■ Assignment:
List the lines of this listing that hold the word "first".

■ Data to process:
Lemma threshold_type_snoc (f f' : nat -> action N) K b theta t x :
  threshold_type f' K b theta -> (0 < t)%N -> b K != x ->
  (forall k, (1 <= k < K)%N -> (theta k < t)%N) ->
  (forall s, (s < t)%N -> f s = f' s) -> (forall s, (t <= s)%N -> f s = x) ->
  threshold_type f K.+1 (fun k => if k == K.+1 then x else b k)
    (fun k => if k == K then t else theta k).
Proof.
case=> K_gt0 b_neq theta1 theta_mono f'b t_gt0 bK_neq theta_lt ff' fx; split=> //.
- move=> k /andP[k1 kK]; have [->|kK'] := eqVneq k K.
    by rewrite eqxx (ltn_eqF (ltnSn K)).
  have /negbTE-> : k != K.+1 by lia.
  have /negbTE-> : k.+1 != K.+1 by lia.
  by apply: b_neq; lia.
- by move=> K1; case: ifP => [_ // | /eqP K1']; apply: theta1; lia.
- move=> k k1 kK; have /negbTE-> : k != K by lia.
  case: ifP => [/eqP kK' | /eqP kK']; first by apply/ltnW/theta_lt; lia.
  by apply: theta_mono; lia.
move=> s k s1 /andP[k1 kK]; have [kK'|kK'|->] := ltngtP k K => lo hi.
- have /negbTE k_neqS : k != K.+1 by lia.
  have /negbTE k_pred_neq : k.-1 != K by lia.
  rewrite /= k_pred_neq in lo; rewrite /= k_neqS /= in hi; rewrite k_neqS.
  have k_range : (1 <= k < K)%N by lia.
  have := theta_lt k k_range => theta_k.
  rewrite ff'; last lia.
  by apply: f'b => //; [lia | rewrite hi orbT].
- have kE : k = K.+1 by lia.
  by rewrite kE eqxx in lo *; apply: fx; move: lo => /=; rewrite eqxx; lia.
have /negbTE K_neqS : K != K.+1 by lia.
have /negbTE K_pred_neq : K.-1 != K by lia.
rewrite K_neqS in hi; rewrite K_pred_neq in lo; rewrite K_neqS ff' //.
by apply: f'b => //; [lia | rewrite eqxx].
Qed.

Lemma threshold_type_of_eventually_constant M (f : nat -> action N) :
  (forall s, (M.+1 <= s)%N -> f s = f M.+1) ->
  (forall s, (F (f s) <= F (f s.+1))%O) ->
  exists K b theta, [/\ threshold_type f K b theta, b K = f M.+1,
    (forall k, (1 <= k < K)%N -> (theta k <= M.+1)%N) &
    (forall k, (1 <= k < K)%N -> (F (b k) <= F (b k.+1))%O)].
Proof.
elim: M f => [|M IH] f f_const f_mono.
  exists 1%N, (fun=> f 1%N), (fun=> 1%N); split=> //.
  by split=> // [k|s k s1 _ _ _]; [lia | exact: f_const].
have [eqM|neqM] := eqVneq (f M.+1) (f M.+2).
  have f_const' s : (M.+1 <= s)%N -> f s = f M.+1.
    by rewrite leq_eqVlt => /orP[/eqP<- // | /f_const->]; rewrite eqM.
  have [K [b [theta [f_thr bK theta_le b_mono]]]] := IH f f_const' f_mono.
  exists K, b, theta; split=> //; first by rewrite bK eqM.
  by move=> k /theta_le; lia.
pose f' s := f (minn s M.+1).
have f'_const s : (M.+1 <= s)%N -> f' s = f' M.+1.
  by move=> sM; rewrite /f' minnn (minn_idPr sM).
have f'_mono s : (F (f' s) <= F (f' s.+1))%O.
  rewrite /f'; have [sM|sM] := leqP s M; first by rewrite !(minn_idPl _) // ltnW.
  by rewrite !(minn_idPr _) // ltnW.
have [K [b [theta [f'_thr bK theta_le b_mono]]]] := IH f' f'_const f'_mono.
have bK' : b K = f M.+1 by rewrite bK /f' minnn.
exists K.+1, (fun k => if k == K.+1 then f M.+2 else b k),
  (fun k => if k == K then M.+2 else theta k); split.
- apply: threshold_type_snoc f'_thr _ _ _ _ f_const => //; first by rewrite bK'.
  by move=> s sM; rewrite /f' (minn_idPl _).
- by rewrite eqxx.
- move=> k kK; case: ifP => // /eqP kK'; apply/leqW/theta_le; lia.
move=> k kK; have [->|kK'] := eqVneq k K.
  by rewrite eqxx (ltn_eqF (ltnSn K)) bK'.
have /negbTE-> : k != K.+1 by lia.
have /negbTE-> : k.+1 != K.+1 by lia.
by apply: b_mono; lia.
Qed.
(* Let $(H,B_1,B_2)$ be a Rota-Baxter system of Hopf algebras with descendent operation $\circ$ and cocycle $\sigma$, and let $H_1=\operatorname{Im}(\sigma)$. Define $T:H_1\to H_1$ by $T(a)=S(B_1(a_1))B_2(a_2)$ for $a\in H_1$. Then $H_{B_1,B_2}=(H_1,\circ_1,1,\Delta_1,\epsilon_1,T)$ is a cocommutative Hopf algebra, where $\circ_1,\Delta_1,\epsilon_1$ denote the restrictions of $\circ,\Delta,\epsilon$ to $H_1$.
   Context: $\mathbb{F}$ is a field of characteristic $0$; all vector spaces, algebras, coalgebras, Hopf algebras are over $\mathbb{F}$. Sweedler notation $\Delta(a)=a_1\otimes a_2$ (iterated: $a_1\otimes a_2\otimes a_3$, etc.) is used. A coalgebra homomorphism $f$ satisfies $\Delta(f(a))=f(a_1)\otimes f(a_2)$ and $\epsilon(f(a))=\epsilon(a)$. A Rota-Baxter system of Hopf algebras is a triple $(H,B_1,B_2)$ where $(H,\cdot,1,\Delta,\epsilon,S)$ is a cocommutative Hopf algebra and $B_1,B_2:H\to H$ are coalgebra homomorphisms with $B_1(1)=B_2(1)=1$ such that for all $a,b\in H$: $B_1(a)B_1(b)=B_1(B_1(a_1)\,b\,S(B_2(a_2)))$ and $B_2(a)B_2(b)=B_2(B_1(a_1)\,b\,S(B_2(a_2)))$. Its descendent operation is $a\circ b=B_1(a_1)\,b\,S(B_2(a_2))$ and its cocycle is $\sigma(a)=B_1(a_1)S(B_2(a_2))$, $a,b\in H$. *)

From HB Require Import structures.
From mathcomp Require Import all_boot all_order all_algebra.
Set Implicit Arguments. Unset Strict Implicit. Unset Printing Implicit Defensive.
Import Order.TTheory GRing.Theory Num.Theory.
Local Open Scope ring_scope.
Lemma xlnx_sqrt_bound x : 0 < x < 1 -> x * ln x <= 0 /\ - (x * ln x) <= 2 * sqrt x.
Proof.
  intros Hx.
  assert (ln x < 0) by (rewrite <- ln_1; apply ln_increasing; lra).
  split; [nra|].
  set (s := sqrt x). assert (Hs : 0 < s) by (apply sqrt_lt_R0; lra).
  assert (Hxs : x = s * s) by (unfold s; rewrite sqrt_sqrt; lra).
  assert (Hln : ln x = 2 * ln s) by (rewrite Hxs, ln_mult by lra; ring).
  (* [exp u >= 1 + u] at [u = - ln s] gives [- ln s <= 1/s - 1]. *)
  pose proof (exp_ineq1_le (- ln s)) as He. rewrite exp_Ropp, exp_ln in He by lra.
  rewrite Hln, Hxs.
  assert (s * s * (- ln s) <= s * s * (/ s - 1)) by (apply Rmult_le_compat_l; nra).
  assert (s * s * (/ s - 1) = s - s * s) by (field; lra).
  nra.
Qed.

Lemma xlnx_continuous x : continuity_pt xlnx x.
Proof.
  destruct (Rtotal_order x 0) as [Hx|[->|Hx]].
  - apply continuity_pt_filterlim, (continuous_ext_loc _ (fun _ => 0)).
    + apply (filter_imp (fun u => u < 0)); [|now apply open_lt].
      intros y Hy. unfold xlnx. destruct (Rle_dec y 0); [reflexivity|lra].
    + unfold xlnx. destruct (Rle_dec x 0); [apply continuous_const|lra].
  - intros eps Heps. exists (Rmin 1 ((eps / 2) * (eps / 2))).
    split; [apply Rmin_pos; nra|]. intros y [_ Hy]. simpl in *. unfold R_dist in *.
    rewrite Rminus_0_r in Hy. rewrite xlnx_0, Rminus_0_r.
    unfold xlnx. destruct (Rle_dec y 0); [rewrite Rabs_R0; lra|].
    pose proof (Rlt_le_trans _ _ _ Hy (Rmin_l _ _)) as Hy1.
    pose proof (Rlt_le_trans _ _ _ Hy (Rmin_r _ _)) as Hy2.
    rewrite Rabs_right in Hy1, Hy2 by lra.
    destruct (xlnx_sqrt_bound y) as [B1 B2]; [lra|].
    rewrite Rabs_left1 by lra.
    assert (sqrt y < eps / 2)
      by (rewrite <- (sqrt_square (eps / 2)) by lra; apply sqrt_lt_1; lra).
    lra.
  - apply continuity_pt_filterlim, (continuous_ext_loc _ (fun y => y * ln y)).
    + apply (filter_imp (fun u => 0 < u)); [|now apply open_gt].
      intros y Hy. unfold xlnx. destruct (Rle_dec y 0); [lra|reflexivity].
    + apply (continuous_mult (fun y => y) ln); [apply continuous_id|now apply continuous_ln].
Qed.

Lemma xlnx_derive u : 0 < u -> is_derive xlnx u (ln u + 1).
Proof.
  intros Hu. apply (is_derive_ext_loc (fun y => y * ln y)).
  - apply (filter_imp (fun v => 0 < v)); [|now apply open_gt].
    intros y Hy. unfold xlnx. destruct (Rle_dec y 0); [lra|reflexivity].
  - auto_derive; [lra|]. field. lra.
Qed.

Lemma affine_nonneg a c t : 0 <= a -> 0 <= a + c -> 0 <= t <= 1 -> 0 <= a + t * c.
Proof.
  intros Ha Hac Ht. replace (a + t * c) with ((1 - t) * a + t * (a + c)) by ring.
  apply Rplus_le_le_0_compat; apply Rmult_le_pos; lra.
Qed.

Lemma affine_pos a c t : 0 <= a -> 0 <= a + c -> c <> 0 -> 0 < t < 1 -> 0 < a + t * c.
Proof.
  intros Ha Hac Hc Ht. destruct (Req_dec a 0) as [->|Ha0]; [|nra].
  assert (0 < c) by lra. nra.
Qed.

Lemma affine_interior a c t : 0 <= a <= 1 -> 0 <= a + c <= 1 -> c <> 0 -> 0 < t < 1 ->
  0 < a + t * c < 1.
Proof.
  intros Ha Hac Hc Ht. split; [apply affine_pos; lra|].
  enough (0 < (1 - a) + t * - c) by lra.
  apply affine_pos; [lra|lra|intros E; apply Hc; lra|lra].
Qed.

Definition smooth01 (f f' f'' : R -> R) : Prop :=
  (forall s, 0 <= s <= 1 -> continuity_pt f s) /\
  (forall s, 0 < s < 1 -> is_derive f s (f' s)) /\
  (forall s, 0 < s < 1 -> is_derive f' s (f'' s)).

Lemma smooth01_const c : smooth01 (fun _ => c) (fun _ => 0) (fun _ => 0).
Proof.
  split; [|split]; intros.
  - apply continuity_pt_const. intros u v. reflexivity.
  - apply (is_derive_const (K := R_AbsRing) (V := R_NormedModule)).
  - apply (is_derive_const (K := R_AbsRing) (V := R_NormedModule)).
Qed.

Lemma smooth01_plus f f' f'' g g' g'' :
  smooth01 f f' f'' -> smooth01 g g' g'' ->
  smooth01 (fun s => f s + g s) (fun s => f' s + g' s) (fun s => f'' s + g'' s).
Proof.
  intros [Cf [Df D2f]] [Cg [Dg D2g]]. split; [|split]; intros s Hs.
  - apply continuity_pt_plus; auto.
  - apply (is_derive_plus f g); auto.
  - apply (is_derive_plus f' g'); auto.
Qed.

Lemma smooth01_scal k f f' f'' : smooth01 f f' f'' ->
  smooth01 (fun s => k * f s) (fun s => k * f' s) (fun s => k * f'' s).
Proof.
  intros [Cf [Df D2f]]. split; [|split]; intros s Hs.
  - apply continuity_pt_mult; [apply continuity_pt_const; intros u v; reflexivity|auto].
  - apply (is_derive_scal f s k); auto.
  - apply (is_derive_scal f' s k); auto.
Qed.

Lemma smooth01_rsum m (f f' f'' : nat -> R -> R) :
  (forall i, (i < m)%nat -> smooth01 (f i) (f' i) (f'' i)) ->
  smooth01 (fun s => rsum m (fun i => f i s)) (fun s => rsum m (fun i => f' i s))
           (fun s => rsum m (fun i => f'' i s)).
Proof.
  induction m as [|m IH]; intros H; simpl.
  - apply smooth01_const.
  - apply smooth01_plus; [apply IH; intros; apply H; lia|apply H; lia].
Qed.

Lemma smooth01_xlnx_affine a c : 0 <= a -> 0 <= a + c ->
  smooth01 (fun s => xlnx (a + s * c)) (fun s => c * (ln (a + s * c) + 1))
           (fun s => c * c / (a + s * c)).
Proof.
  intros Ha Hac.
  destruct (Req_dec c 0) as [->|Hc].
  - replace (fun s => xlnx (a + s * 0)) with (fun _ : R => xlnx a)
      by (apply functional_extensionality; intros s; f_equal; ring).
    replace (fun s => 0 * (ln (a + s * 0) + 1)) with (fun _ : R => 0)
      by (apply functional_extensionality; intros s; ring).
    replace (fun s => 0 * 0 / (a + s * 0)) with (fun _ : R => 0)
      by (apply functional_extensionality; intros s; unfold Rdiv; ring).
    apply smooth01_const.
  - split; [|split]; intros s Hs.
    + apply continuity_pt_filterlim.
      apply (continuous_comp (fun t => a + t * c) xlnx).
      * apply (continuous_plus (fun _ => a) (fun t => t * c));
          [apply continuous_const|apply (continuous_mult (fun t => t) (fun _ => c));
           [apply continuous_id|apply continuous_const]].
      * apply continuity_pt_filterlim, xlnx_continuous.
    + pose proof (affine_pos a c s Ha Hac Hc Hs) as Hpos.
      apply (is_derive_comp xlnx (fun t => a + t * c) s (ln (a + s * c) + 1) c).
      * exact (xlnx_derive _ Hpos).
      * auto_derive; [exact I|ring].
    + pose proof (affine_pos a c s Ha Hac Hc Hs).
      auto_derive; [lra|]. field. lra.
Qed.

Lemma MVT_open (f df : R -> R) a b : a < b ->
  (forall c, a < c < b -> is_derive f c (df c)) ->
  (forall c, a <= c <= b -> continuity_pt f c) ->
  exists c, a < c < b /\ f b - f a = df c * (b - a).
Proof.
  intros Hab Hd Hc.
  set (pr1 := fun c (P : a < c < b) =>
    exist (fun l => derivable_pt_lim f c l) (df c) (proj1 (is_derive_Reals _ _ _) (Hd c P))).
  set (pr2 := fun c (_ : a < c < b) => derivable_pt_id c).
  destruct (MVT f id a b pr1 pr2 Hab Hc
              (fun c _ => derivable_continuous_pt _ _ (derivable_pt_id c))) as [c [P Hm]].
  exists c. split; [exact P|]. unfold pr1, pr2 in Hm. simpl in Hm.
  rewrite derive_pt_id in Hm. unfold id in Hm. lra.
Qed.

Lemma concave_of_smooth01 G G' G'' : smooth01 G G' G'' ->
  (forall s, 0 < s < 1 -> G'' s <= 0) ->
  forall t, 0 <= t <= 1 -> t * G 1 + (1 - t) * G 0 <= G t.
Proof.
  intros [HC [HD HD2]] Hneg t Ht.
  assert (Hmono : forall s u, 0 < s -> s < u -> u < 1 -> G' u <= G' s).
  { intros s u Hs Hsu Hu.
    destruct (MVT_open G' G'' s u Hsu) as [c [Hc Hm]].
    - intros c Hc. apply HD2. lra.
    - intros c Hc. apply continuity_pt_filterlim.
      apply (ex_derive_continuous (K := R_AbsRing) (V := R_NormedModule) G' c).
      eexists. apply HD2. lra.
    - assert (G'' c <= 0) by (apply Hneg; lra). nra. }
  destruct (Req_dec t 0) as [->|Ht0]; [lra|].
  destruct (Req_dec t 1) as [->|Ht1]; [lra|].
  destruct (MVT_open G G' 0 t) as [c1 [Hc1 E1]];
    [lra|intros; apply HD; lra|intros; apply HC; lra|].
  destruct (MVT_open G G' t 1) as [c2 [Hc2 E2]];
    [lra|intros; apply HD; lra|intros; apply HC; lra|].
  assert (G' c2 <= G' c1) by (apply Hmono; lra).
  assert (t * G 1 + (1 - t) * G 0 - G t = t * (1 - t) * (G' c2 - G' c1)) by nra.
  assert (0 <= t * (1 - t)) by nra.
  nra.
Qed.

■ Written solution:
  case: ifP => [/eqP kK' | /eqP kK']; first by apply/ltnW/theta_lt; lia.
  exists K, b, theta; split=> //; first by rewrite bK eqM.
  rewrite /f'; have [sM|sM] := leqP s M; first by rewrite !(minn_idPl _) // ltnW.
- apply: threshold_type_snoc f'_thr _ _ _ _ f_const => //; first by rewrite bK'.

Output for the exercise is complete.